TAMPA — His tie blowing back behind his head, Dustin Dahlquist jogged toward Palmetto’s boys soccer team, which had congregated under the scoreboard shining down on Tampa Jesuit’s football stadium.
Sporting a wide smile, Dahlquist took a small leap and landed right in the middle of his players, who met their coach with a plethora of hugs and screams.
The Tigers have scored a number of impressive wins during their current four-year run, and Tuesday night’s was no exception. Palmetto knocked off perennial power Tampa Jesuit 4-1 in the Class 4A-Region 3 semifinals, sending the Tigers (19-2-2) into a regional championship game for the fourth consecutive season.
They will host Fort Myers — a 3-2 winner over Naples on penalty kicks — at 7 p.m. Friday at Harllee Stadium in an attempt to reach the Class 4A final four for the second consecutive season.
“It’s a great win,” said Dahlquist, whose Tigers had never defeated Jesuit. “Any time you can come up here and beat Jesuit. ... They’re such a good team. I’m proud of our effort, I’m proud of our guys — we didn’t give up.”
It was Jesuit (18-5-3) that controlled the game early, but it was Palmetto that caught the first break. It came just over 15 minutes after kickoff, when 20-yard boot from junior Brandon Waddy slid through the fingers of Jesuit goalie Alejandro Costas and rolled into the back of the net.
“It gave us rhythm, and it set a pace for us to play hard,” Waddy said.
It started a trend, too. Eleven minutes after Waddy’s goal, Edgar Campos took a free kick from about 30 yards out that glanced off the fingers of a leaping Costas and gave Palmetto a 2-0 lead.

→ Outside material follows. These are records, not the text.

(* Suppose $g(S) = \sum_{v \in S} w(v)$ for nonnegative weights $w : V \to \mathbb{R}_{\ge 0}$. For every $\varepsilon > 0$, the algorithm $\mathrm{GIST}(V,g,k,\varepsilon)$ returns a set $S \subseteq V$ with $|S| \le k$ and $$f(S) \ge \left(\tfrac{2}{3} - \varepsilon\right)\cdot \mathrm{OPT}.$$
   Context: Let $V$ be a finite set of $n$ points in a metric space with metric $\mathrm{dist}$, and let $d_{\max} = \max_{u,v \in V}\mathrm{dist}(u,v)$. For $u \in V$ and $S \subseteq V$ let $\mathrm{dist}(u,S) = \min_{v \in S}\mathrm{dist}(u,v)$, with $\mathrm{dist}(u,\emptyset) = \infty$. The max-min diversity is $\mathrm{div}(S) = \min_{u,v \in S,\, u \ne v}\mathrm{dist}(u,v)$ if $|S| \ge 2$, and $\mathrm{div}(S) = d_{\max}$ if $|S| \le 1$. Let $g : 2^V \to \mathbb{R}_{\ge 0}$ be a nonnegative monotone submodular function, let $\lambda \ge 0$, let $k \ge 1$ be an integer, and let $f(S) = g(S) + \lambda\cdot \mathrm{div}(S)$. The MDMS problem is to maximize $f(S)$ subject to $S \subseteq V$, $|S| \le k$; $\mathrm{OPT}$ denotes the optimal value. $\mathrm{GreedyIndependentSet}(V,g,d,k)$: initialize $S \gets \emptyset$; for $i = 1,\dots,k$: let $C = \{v \in V\setminus S : \mathrm{dist}(v,S) \ge d\}$; if $C = \emptyset$ return $S$; otherwise pick $t \in \arg\max_{v \in C} \big(g(S\cup\{v\}) - g(S)\big)$ (ties broken arbitrarily) and set $S \gets S \cup\{t\}$. After the loop, return $S$. $\mathrm{GIST}(V,g,k,\varepsilon)$: set $S \gets \mathrm{GreedyIndependentSet}(V,g,0,k)$. Let $T = \{u,v\}$ be two points with $\mathrm{dist}(u,v) = d_{\max}$; if $f(T) > f(S)$ and $k \ge 2$, set $S \gets T$. Let $D = \{(1+\varepsilon)^i \cdot \varepsilon d_{\max}/2 : i \in \mathbb{Z}_{\ge 0},\ (1+\varepsilon)^i \le 2/\varepsilon\}$. For each $d \in D$: set $T \gets \mathrm{GreedyIndependentSet}(V,g,d,k)$ and if $f(T) \ge f(S)$ set $S \gets T$. Return $S$. *)

From HB Require Import structures.
From mathcomp Require Import all_boot all_order all_algebra.
From mathcomp Require Import reals.
Set Implicit Arguments. Unset Strict Implicit. Unset Printing Implicit Defensive.
Import Order.TTheory GRing.Theory Num.Theory.
Local Open Scope ring_scope.

Section MDMS.
Variables (R : realType) (V : finType).

Definition is_metric (dist : V -> V -> R) : Prop :=
  [/\ forall u, dist u u = 0,
      forall u v, dist u v = 0 -> u = v,
      forall u v, dist u v = dist v u &
      forall u v x, dist u x <= dist u v + dist v x].

(* d_max = max_{u,v} dist(u,v)  (0 is a valid seed: distances are >= 0) *)
Definition dmax (dist : V -> V -> R) : R :=
  \big[Num.max/0]_(u : V) \big[Num.max/0]_(v : V) dist u v.

(* max-min diversity; seeding the min with d_max is harmless since all
   distances are <= d_max *)
Definition div (dist : V -> V -> R) (S : {set V}) : R :=
  if (2 <= #|S|)%N then
    \big[Num.min/dmax dist]_(u in S) \big[Num.min/dmax dist]_(v in S | v != u) dist u v
  else dmax dist.

Definition fobj (g : {set V} -> R) (lam : R) (dist : V -> V -> R) (S : {set V}) : R :=
  g S + lam * div dist S.

(* OPT = max { f(S) : |S| <= k }  (f >= 0 and f(set0) is feasible, so 0 is a valid seed) *)
Definition OPT (g : {set V} -> R) (lam : R) (dist : V -> V -> R) (k : nat) : R :=
  \big[Num.max/0]_(S : {set V} | (#|S| <= k)%N) fobj g lam dist S.

(* dist(v,S) >= d, with dist(v, set0) = +oo *)
Definition far_from (dist : V -> V -> R) (d : R) (v : V) (S : {set V}) : bool :=
  [forall u in S, d <= dist v u].

Definition cand (dist : V -> V -> R) (d : R) (S : {set V}) : {set V} :=
  [set v | (v \notin S) && far_from dist d v S].

(* greedy_res g dist d i S S' : running the remaining i iterations of the loop
   of GreedyIndependentSet from current set S can return S' (for some
   resolution of the arbitrary tie-breaking). *)
Inductive greedy_res (g : {set V} -> R) (dist : V -> V -> R) (d : R)
  : nat -> {set V} -> {set V} -> Prop :=
| gr_done S : greedy_res g dist d 0 S S
| gr_empty i S : cand dist d S = set0 -> greedy_res g dist d i.+1 S S
| gr_step i S t S' :
    t \in cand dist d S ->
    (forall v, v \in cand dist d S -> g (v |: S) - g S <= g (t |: S) - g S) ->
    greedy_res g dist d i (t |: S) S' ->
    greedy_res g dist d i.+1 S S'.

Definition GreedyIndependentSet_returns (g : {set V} -> R) (dist : V -> V -> R)
  (d : R) (k : nat) (S : {set V}) : Prop :=
  greedy_res g dist d k set0 S.

Definition threshold (dist : V -> V -> R) (eps : R) (i : nat) : R :=
  (1 + eps) ^+ i * (eps * dmax dist / 2).

(* loop over D = { threshold i : (1+eps)^i <= 2/eps } in increasing order of i;
   since (1+eps)^i is increasing in i, D corresponds to i = 0,1,...,N, so we
   stop at the first i violating the condition. *)
Inductive gist_loop (g : {set V} -> R) (lam : R) (dist : V -> V -> R) (k : nat)
  (eps : R) : nat -> {set V} -> {set V} -> Prop :=
| gl_stop i S : ~ ((1 + eps) ^+ i <= 2 / eps) -> gist_loop g lam dist k eps i S S
| gl_cont i S T S' :
    (1 + eps) ^+ i <= 2 / eps ->
    GreedyIndependentSet_returns g dist (threshold dist eps i) k T ->
    gist_loop g lam dist k eps i.+1
      (if fobj g lam dist S <= fobj g lam dist T then T else S) S' ->
    gist_loop g lam dist k eps i S S'.

Definition GIST_returns (g : {set V} -> R) (lam : R) (dist : V -> V -> R)
  (k : nat) (eps : R) (S : {set V}) : Prop :=
  exists S0 u v,
    [/\ GreedyIndependentSet_returns g dist 0 k S0,
        dist u v = dmax dist &
        gist_loop g lam dist k eps 0
          (if (fobj g lam dist S0 < fobj g lam dist [set u; v]) && (2 <= k)%N
           then [set u; v] else S0) S].

End MDMS.

(* Fix a feasible O of diversity delta.  The greedy run with d = 0 takes the
   k heaviest points, so it weighs at least g(O), and the diameter pair gives
   lam * d_max; if delta <= eps * d_max these two already give
   f(O) <= (1 + eps) f(S).  Otherwise some tried threshold d satisfies
   2d <= delta < 2(1 + eps)d.  Then O is 2d-separated, so every greedy pick at
   threshold d blocks at most one point of O, and an exchange argument shows
   the greedy set T weighs at least g(O); its diversity is at least d.  Hence
   f(S) >= g(O) + lam * delta / (2(1 + eps)) and f(S) >= lam * delta, and
   averaging these with weights 2/3 and 1/3 gives the ratio. *)

From HB Require Import structures.
From mathcomp Require Import all_boot all_order all_algebra.
From mathcomp Require Import reals.
From mathcomp Require Import ring lra zify.
Set Implicit Arguments. Unset Strict Implicit. Unset Printing Implicit Defensive.
Import Order.TTheory GRing.Theory Num.Theory.
Local Open Scope ring_scope.

Section Metric.
Variables (R : realType) (V : finType) (dist : V -> V -> R).
Hypothesis dist_metric : is_metric dist.

Lemma dist_sym u v : dist u v = dist v u.
Proof. by case: dist_metric. Qed.

Lemma dist_tri u v x : dist u x <= dist u v + dist v x.
Proof. by case: dist_metric. Qed.

Lemma dist_ge0 u v : 0 <= dist u v.
Proof.
have := dist_tri u v u; case: dist_metric => dist0 _ _ _.
by rewrite dist0 (dist_sym v u); lra.
Qed.

Lemma dmax_ge0 : 0 <= dmax dist.
Proof. exact: bigmax_ge_id. Qed.

Lemma div_ge d (S : {set V}) : d <= dmax dist ->
  (forall u v, u \in S -> v \in S -> u != v -> d <= dist u v) -> d <= div dist S.
Proof.
move=> d_le S_sep; rewrite /div; case: ifP => // _.
apply: le_bigmin => // u uS; apply: le_bigmin => // v /andP[vS vu].
by apply: S_sep => //; rewrite eq_sym.
Qed.

Lemma div_ge0 (S : {set V}) : 0 <= div dist S.
Proof. by apply: div_ge => [|*]; [exact: dmax_ge0 | exact: dist_ge0]. Qed.

Lemma div_le_dmax (S : {set V}) : div dist S <= dmax dist.
Proof. by rewrite /div; case: ifP => // _; exact: bigmin_le_id. Qed.

Lemma div_le_dist (S : {set V}) u v :
  u \in S -> v \in S -> u != v -> div dist S <= dist u v.
Proof.
move=> uS vS uv; rewrite /div.
have -> : (2 <= #|S|)%N.
  have /subset_leq_card : [set u; v] \subset S.
    by apply/subsetP => x; rewrite !inE => /orP[]/eqP->.
  by rewrite cards2 uv.
apply: le_trans (bigmin_le_cond _ _ uS) _.
by apply: (bigmin_le_cond _ (dist u)); rewrite vS eq_sym uv.
Qed.

Lemma div_small (S : {set V}) : (#|S| < 2)%N -> div dist S = dmax dist.
Proof. by rewrite /div ltnNge => /negbTE ->. Qed.

Lemma div_diameter u v : dist u v = dmax dist -> div dist [set u; v] = dmax dist.
Proof.
move=> uv_max; apply/le_anti; rewrite div_le_dmax /=.
apply: div_ge => // a b; rewrite !inE.
move=> /orP[]/eqP-> /orP[]/eqP->; rewrite ?eqxx // => _.
  by rewrite uv_max.
by rewrite dist_sym uv_max.
Qed.

End Metric.

Section Greedy.
Variables (R : realType) (V : finType) (dist : V -> V -> R) (g : {set V} -> R).
Hypothesis dist_metric : is_metric dist.

Definition separated (d : R) (S : {set V}) : Prop :=
  forall a b, a \in S -> b \in S -> a != b -> d <= dist a b.

Lemma separated_sub d (S T : {set V}) : S \subset T -> separated d T -> separated d S.
Proof. by move=> /subsetP ST T_sep a b aS bS; apply: T_sep; apply: ST. Qed.

Lemma cand0 d : cand dist d set0 = setT.
Proof. by apply/setP => v; rewrite !inE; apply/forallP => u; rewrite inE. Qed.

Lemma candU d (A B : {set V}) : cand dist d (A :|: B) = cand dist d A :&: cand dist d B.
Proof.
apply/setP => v; rewrite !inE negb_or.
case: (v \in A) (v \in B) => [] [] //=; rewrite ?andbF //.
apply/forallP/andP => [far | [/forallP farA /forallP farB] u].
  by split; apply/forallP => u; apply/implyP => uS;
    apply: (implyP (far u)); rewrite inE uS ?orbT.
by rewrite inE; apply/implyP => /orP[uA | uB];
  [apply: (implyP (farA u)) | apply: (implyP (farB u))].
Qed.

Lemma cand1 d t v : (v \in cand dist d [set t]) = (v != t) && (d <= dist v t).
Proof.
rewrite !inE; congr (_ && _); apply/forallP/idP => [/(_ t) | d_le u].
  by rewrite inE eqxx.
by rewrite inE; apply/implyP => /eqP->.
Qed.

Lemma notin_cand1_uniq d t (O : {set V}) o1 o2 : 0 <= d -> separated (2 * d) O ->
  o1 \in O -> o2 \in O -> o1 \notin cand dist d [set t] ->
  o2 \notin cand dist d [set t] -> o1 = o2.
Proof.
move=> d_ge0 O_sep o1O o2O; rewrite !cand1 !negb_and !negbK -!ltNge => far1 far2.
apply/eqP; apply: contraT => o12; have := O_sep _ _ o1O o2O o12.
move: far1 far2 => /orP[/eqP e1|l1] /orP[/eqP e2|l2].
- by move: o12; rewrite e1 e2 eqxx.
- by rewrite e1 dist_sym //; lra.
- by rewrite e2; lra.
- by have := dist_tri dist_metric o1 t o2; rewrite (dist_sym dist_metric t o2); lra.
Qed.

Lemma separated_exchange d t (U : {set V}) : 0 <= d -> separated (2 * d) U ->
  U != set0 -> exists2 o, o \in U & U :\ o \subset cand dist d [set t].
Proof.
move=> d_ge0 U_sep /set0Pn[o0 o0U].
case: (pickP [pred o in U | o \notin cand dist d [set t]]) => [o /andP[oU o_close] | none].
  exists o => //; apply/subsetP => o' /setD1P[o'o o'U].
  move: o'o; apply: contraR => o'_close; apply/eqP.
  exact: (notin_cand1_uniq d_ge0 U_sep o'U oU o'_close o_close).
exists o0 => //; apply/subsetP => o' /setD1P[_ o'U].
by have := none o'; rewrite /= o'U => /negbFE.
Qed.

Lemma greedy_res_card d i (S S' : {set V}) :
  greedy_res g dist d i S S' -> (#|S'| <= #|S| + i)%N.
Proof.
elim=> [S0 | i0 S0 _ | i0 S0 t S1 _ _ _ IH]; rewrite ?addn0 ?leq_addr //.
by move: IH; rewrite cardsU1; lia.
Qed.

Lemma greedy_res_separated d i (S S' : {set V}) :
  greedy_res g dist d i S S' -> separated d S -> separated d S'.
Proof.
elim=> [//|//|i0 S0 t S1 t_cand _ _ IH] S0_sep; apply: IH.
move: t_cand; rewrite inE => /andP[_ /forallP t_far].
have {}t_far u : u \in S0 -> d <= dist t u by exact: (implyP (t_far u)).
move=> a b; rewrite !inE => /orP[/eqP->|aS] /orP[/eqP->|bS] ab.
- by rewrite eqxx in ab.
- exact: t_far.
- by rewrite dist_sym //; exact: t_far.
- exact: S0_sep.
Qed.

Lemma greedy_card d k (T : {set V}) :
  GreedyIndependentSet_returns g dist d k T -> (#|T| <= k)%N.
Proof. by move/greedy_res_card; rewrite cards0. Qed.

Lemma greedy_div d k (T : {set V}) : d <= dmax dist ->
  GreedyIndependentSet_returns g dist d k T -> d <= div dist T.
Proof.
move=> d_le /greedy_res_separated T_sep; apply: div_ge => //.
by apply: T_sep => a b; rewrite inE.
Qed.

End Greedy.

Section ModularGreedy.
Variables (R : realType) (V : finType) (dist : V -> V -> R) (w : V -> R).
Hypothesis dist_metric : is_metric dist.
Hypothesis w_ge0 : forall v, 0 <= w v.

Definition wsum (S : {set V}) : R := \sum_(v in S) w v.

Lemma wsum_set0 : wsum set0 = 0.
Proof. exact: big_set0. Qed.

Lemma wsum_setU1 t (S : {set V}) : t \notin S -> wsum (t |: S) = w t + wsum S.
Proof. exact: big_setU1. Qed.

Lemma wsum_ge0 (S : {set V}) : 0 <= wsum S.
Proof. exact: sumr_ge0. Qed.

But Waddy saved Palmetto’s biggest goal of all for the final moments of the half. Three minutes after a header by Brett Durrance sliced Jesuit’s deficit to 2-1 during the game’s 35th minute, Waddy took a free kick from the 31-yard line that skipped past Costas.
Just like that, Palmetto regained a two-goal lead — and the momentum.
“I don’t want to say we got lucky on some goals in the first half — they were decent shots,” Dahlquist said. “But their keeper dropped a couple of shots that went in the goal — I guess that’s soccer. We’ve lost some games like that, and we’ve won some games.
“We gave a good effort.”
Jesuit, which defeated Palmetto in a regional final in ’07, applied plenty of pressure after the break, taking seven shots. All, however, either sailed high or wide or bounced off the crossbar.
And when Palmetto freshman Pedro Calvillo scored the game’s final goal on yet another long shot — this one nearly 30 yards out during the game’s 80th minute — the celebration was on.
The players, spurred on by Dahlquist, sprinted to the other side of the field to cheer with the Palmetto fans that made the 45-minute trip up Interstate-275.
The coach, however, was quick to tell his charges that as sweet as Friday’s win was, three wins still stand between Palmetto and its ultimate goal — a state championship.
“We do a good job of forgetting about what’s in the past,” said goalie Brandon Tarpley, one of five players who has been a member of all four regional finalists. “We bring it up from time to time, and it kind of builds our self-esteem. ... And then we use that, and we go out and practice.”